Axe launches to Gen Z in the audience's own language, with applied AI and Recommend

There is a specific way brands fail with Gen Z: they learn what the cohort cares about, then describe it in the brand's own words. The topics are right, the phrasing is wrong, and the audience recognises an outsider's impression before the first sentence ends.
For Axe's launch into Croatia and Slovenia, the system treated those as two different problems. Applied AI tracked the cohort's topics — and, separately, its vocabulary: the actual phrases the audience uses. Topics decided what the communication was about. Vocabulary decided how it sounded. Seven months of launch communication, in the audience's own words the whole way.
What changed
Topics and vocabulary tracked as two separate inputs — what the cohort discusses, and how it says it
Seven months of launch communication that stayed current across two markets
Everything running on Recommend's own infrastructure, with each product linked through to the retailer
A short path from earned attention to a completed purchase at dm
Fluency is the credibility test
Topic tracking answers what an audience cares about. It cannot answer how they talk about it — and with a cohort that treats language as a membership test, that second question decides whether anything gets read.

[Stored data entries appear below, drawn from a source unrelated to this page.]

(* Let $K,L$ be Henselian valued fields of characteristic zero such that $K$ is an $\mathcal{L}_{\mathrm{val}}$-substructure of $L$, i.e. $K$ is a subfield of $L$ and $\mathcal{O}_K=K\cap\mathcal{O}_L$. Then for every positive integer $N$ the inclusion $K\hookrightarrow L$ induces an injective map $\mathrm{RV}_{N,K}\hookrightarrow\mathrm{RV}_{N,L}$, and with these identifications $K$ (with its natural $\mathcal{L}_{\mathrm{RV}}$-structure) is an $\mathcal{L}_{\mathrm{RV}}$-substructure of $L$.
   Context: For a valued field $K$ with valuation ring $\mathcal{O}_K$, maximal ideal $\mathcal{M}_K$, valuation $\mathrm{ord}$, and $N\ge1$: $\mathrm{RV}_{N,K}=K^\times/(1+N\mathcal{M}_K)\cup\{0\}$, $\mathrm{rv}_N\colon K\to\mathrm{RV}_{N,K}$ the projection with $\mathrm{rv}_N(0)=0$, and $\mathrm{rv}_{N,M}\colon\mathrm{RV}_{M,K}\to\mathrm{RV}_{N,K}$ the induced maps for $N\mid M$. The language $\mathcal{L}_{\mathrm{val}}=\{0,1,+,-,\cdot,\mathcal{O}\}$ with $\mathcal{O}$ interpreted as $\mathcal{O}_K$. The multisorted language $\mathcal{L}_{\mathrm{RV}}$ (sorts $\mathrm{VF}$, $\mathrm{RV}_N$) consists of the ring language on $\mathrm{VF}$; on each $\mathrm{RV}_N$: constants $0$ and $1=\mathrm{rv}_N(1)$, multiplication (group multiplication of $K^\times/(1+N\mathcal{M}_K)$ extended by $0$), the binary relation $\mathrm{rv}_N(x)\mid\mathrm{rv}_N(y)\Leftrightarrow\mathrm{ord}\,x\le\mathrm{ord}\,y$, the ternary relation $\oplus(\xi_1,\xi_2,\xi_3)$ meaning there exist $x_i\in K$ with $\mathrm{rv}_N(x_i)=\xi_i$ and $x_1+x_2=x_3$; the maps $\mathrm{rv}_N$, $\mathrm{rv}_{N,M}$; and relations $P_{N,d}\subseteq\mathrm{RV}_N\times\mathrm{RV}_{N^2}^{d+1}$ where $P_{N,d}(\xi,\zeta_0,\dots,\zeta_d)$ holds iff $\xi\in\mathrm{RV}_N^\times$ and, for some (equivalently all) $a_i\in K$ with $\mathrm{rv}_{N^2}(a_i)=\zeta_i$: (i) every element of $\{\mathrm{rv}_N(\sum_{i=1}^d y_i)\mid y_i\in K,\ \mathrm{rv}_N(y_i)=\mathrm{rv}_N(ia_i)\xi^{i-1}\}$ has order $\le\min_{1\le i\le d}\mathrm{ord}(a_i\xi^{i-1})+\mathrm{ord}\,N$, and (ii) there is $\tilde\xi\in\mathrm{RV}_{N^2}$ with $\mathrm{rv}_N(\tilde\xi)=\xi$ and $\sum_{i=0}^d y_i=0$ for some $y_i\in K$ with $\mathrm{rv}_{N^2}(y_i)=\mathrm{rv}_{N^2}(a_i)\tilde\xi^i$. *)

From HB Require Import structures.
From mathcomp Require Import all_boot all_order all_algebra.
Set Implicit Arguments. Unset Strict Implicit. Unset Printing Implicit Defensive.
Import Order.TTheory GRing.Theory Num.Theory.
Local Open Scope ring_scope.

Section Defs.
Variable K : fieldType.
Variable O : {pred K}.

Definition valuation_ring : Prop :=
  [/\ 1 \in O,
      (forall x y, x \in O -> y \in O -> x - y \in O),
      (forall x y, x \in O -> y \in O -> x * y \in O) &
      (forall x, x != 0 -> (x \in O) || (x^-1 \in O))].

Definition maxI : pred K := fun x => (x \in O) && ~~ ((x != 0) && (x^-1 \in O)).

Definition henselian : Prop :=
  forall p : {poly K}, p \is monic -> (forall i, p`_i \in O) ->
  forall a, a \in O -> p.[a] \in maxI -> p^`().[a] \notin maxI ->
  exists2 b, b \in O & p.[b] = 0 /\ b - a \in maxI.

Definition henselian_valued_field : Prop := valuation_ring /\ henselian.

(* ord x <= ord y  (with ord 0 = +oo) *)
Definition val_le (x y : K) : Prop := exists2 o, o \in O & y = o * x.

(* rv_N x : the class of x in RV_N = K^x/(1 + N M_K) u {0}, as a subset of K:
   the coset x (1 + N M_K)  (which is {0} for x = 0). *)
Definition rv (N : nat) (x : K) : K -> Prop :=
  fun y => exists2 m, m \in maxI & y = x * (1 + N%:R * m).

Definition rvmul (N : nat) (xi eta : K -> Prop) : K -> Prop :=
  fun z => exists x y, [/\ xi = rv N x, eta = rv N y & rv N (x * y) z].

Definition rvdiv (N : nat) (xi eta : K -> Prop) : Prop :=
  exists x y, [/\ xi = rv N x, eta = rv N y & val_le x y].

Definition oplus (N : nat) (xi1 xi2 xi3 : K -> Prop) : Prop :=
  exists y1 y2 y3, [/\ rv N y1 = xi1, rv N y2 = xi2, rv N y3 = xi3 & y1 + y2 = y3].

Definition rvNM (N M : nat) (xi : K -> Prop) : K -> Prop :=
  fun z => exists x, xi = rv M x /\ rv N x z.

(* P_{N,d}(xi, zeta_0, ..., zeta_d), xi in RV_N, zeta_i in RV_{N^2}
   (only the indices i <= d of zeta matter). The element xi is handled
   through a representative x, so that rv_N(i a_i) xi^(i-1) = rv_N(i a_i x^(i-1))
   and ord(a_i xi^(i-1)) = ord(a_i x^(i-1)). *)
Definition Prel (N d : nat) (xi : K -> Prop) (zeta : nat -> K -> Prop) : Prop :=
  exists (x : K) (a : nat -> K),
  [/\ xi = rv N x, x != 0,
      (forall i, (i <= d)%N -> zeta i = rv (N * N)%N (a i)),
      (forall y : nat -> K,
         (forall i, (1 <= i <= d)%N -> rv N (y i) = rv N (i%:R * a i * x ^+ i.-1)) ->
         forall i, (1 <= i <= d)%N ->
           val_le (\sum_(1 <= j < d.+1) y j) (N%:R * (a i * x ^+ i.-1)))
    &
      (exists xt : K, rv N xt = rv N x /\
         exists y : nat -> K,
           (forall i, (i <= d)%N -> rv (N * N)%N (y i) = rv (N * N)%N (a i * xt ^+ i)) /\
           \sum_(0 <= i < d.+1) y i = 0)].

End Defs.

(* The inclusion iota : K -> L induces the map RV_{N,K} -> RV_{N,L},
   rv_N(x) |-> rv_N(iota x); clause (1) says it is well defined and injective;
   the remaining clauses say that, under this identification, every symbol of
   L_RV involving the sort RV_N is preserved and reflected (function symbols via
   their graphs).  Constants 0 = rv_N 0, 1 = rv_N 1 and the map rv_N are
   preserved by construction of the map. *)
Definition LRV_substructure (K L : fieldType) (OK : {pred K}) (OL : {pred L})
  (iota : {rmorphism K -> L}) (N : nat) : Prop :=
  [/\
      (forall x y : K, rv OK N x = rv OK N y <-> rv OL N (iota x) = rv OL N (iota y)),
      (forall x y z : K, rvmul OK N (rv OK N x) (rv OK N y) = rv OK N z <->
                         rvmul OL N (rv OL N (iota x)) (rv OL N (iota y)) = rv OL N (iota z)),
      (forall x y : K, rvdiv OK N (rv OK N x) (rv OK N y) <->
                       rvdiv OL N (rv OL N (iota x)) (rv OL N (iota y))),
      (forall x1 x2 x3 : K, oplus OK N (rv OK N x1) (rv OK N x2) (rv OK N x3) <->
         oplus OL N (rv OL N (iota x1)) (rv OL N (iota x2)) (rv OL N (iota x3))) &
      ((forall M : nat, (0 < M)%N -> (N %| M)%N -> forall x y : K,
         rvNM OK N M (rv OK M x) = rv OK N y <->
         rvNM OL N M (rv OL M (iota x)) = rv OL N (iota y)) /\
      (forall (d : nat) (x : K) (a : nat -> K),
         Prel OK N d (rv OK N x) (fun i => rv OK (N * N)%N (a i)) <->
         Prel OL N d (rv OL N (iota x)) (fun i => rv OL (N * N)%N (iota (a i)))))].

(* rv_N u = rv_N v means ord (v - u) > ord (N u), so every symbol of L_RV translates
   into valuation inequalities between elements of K, which the embedding preserves and,
   since O_K = K ∩ O_L, also reflects.  The exception is condition (ii) of P_{N,d}, which
   asks for an approximate root near x.  There one fixes the index k minimising
   ord (a_k x^k), so that, with f = sum_i a_i X^i and G = x f'(x), Taylor expansion gives
   f (x (1 + N mu)) = f x + N mu G modulo N^2 mu^2 a_k x^k O; a root near x in L therefore
   yields f x + N mu G small, and either x or a Newton step from x is an approximate root
   in K. *)

From HB Require Import structures.
From mathcomp Require Import all_boot all_order all_algebra.
From mathcomp Require Import ring.
From Stdlib Require Import Setoid FunctionalExtensionality PropExtensionality.
Set Implicit Arguments. Unset Strict Implicit. Unset Printing Implicit Defensive.
Import GRing.Theory.
Local Open Scope ring_scope.

Section ValuationRing.
Variables (F : fieldType) (O : {pred F}).
Hypothesis hO : valuation_ring O.

Lemma valuation_subring_closed : subring_closed O.
Proof. by case: hO. Qed.
HB.instance Definition _ := GRing.isSubringClosed.Build F O valuation_subring_closed.

Lemma valuation_total x : x != 0 -> (x \in O) || (x^-1 \in O).
Proof. by case: hO => _ _ _; apply. Qed.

So vocabulary ran as its own tracked input: not the brand's translation of what the audience means, but the phrases they actually use, kept current as they changed. It is a finer-grained method than topic tracking alone, and it is specifically what keeps seven months of communication from drifting into an outsider's voice.
A launch that had to stay current
A launch burst is easy — everything is fresh for three weeks. This launch ran for seven months, across two markets, into an audience whose topics and phrasing turn over constantly.
That is an infrastructure problem, not a creative one. The communication was organised around the audience and produced continuously, so month six sounded as current as week one — because the inputs it was built from were still being read, not remembered.
Our infrastructure, the retailer's checkout
The communication ran on Recommend's own infrastructure, with every product connected through to dm — so a reader moved from the content to the retailer's shelf in one step.
That structure splits the job honestly: the communication has to earn attention in its own right, and then carry the reader to where the purchase completes. It suits any brand that sells through a dominant retailer — the brand gets a home for its story without negotiating space on someone else's platform, and the retailer receives qualified traffic.
A method for any cohort with a dialect
Gen Z is the sharpest case, not the only one. Developers, gamers, athletes, professionals — every cohort with its own dialect applies the same test: do you actually speak it?
That is what applied AI makes sustainable: reading a moving audience's language as data, and producing communication in it — for as long as the launch needs, not as long as a creative team can improvise.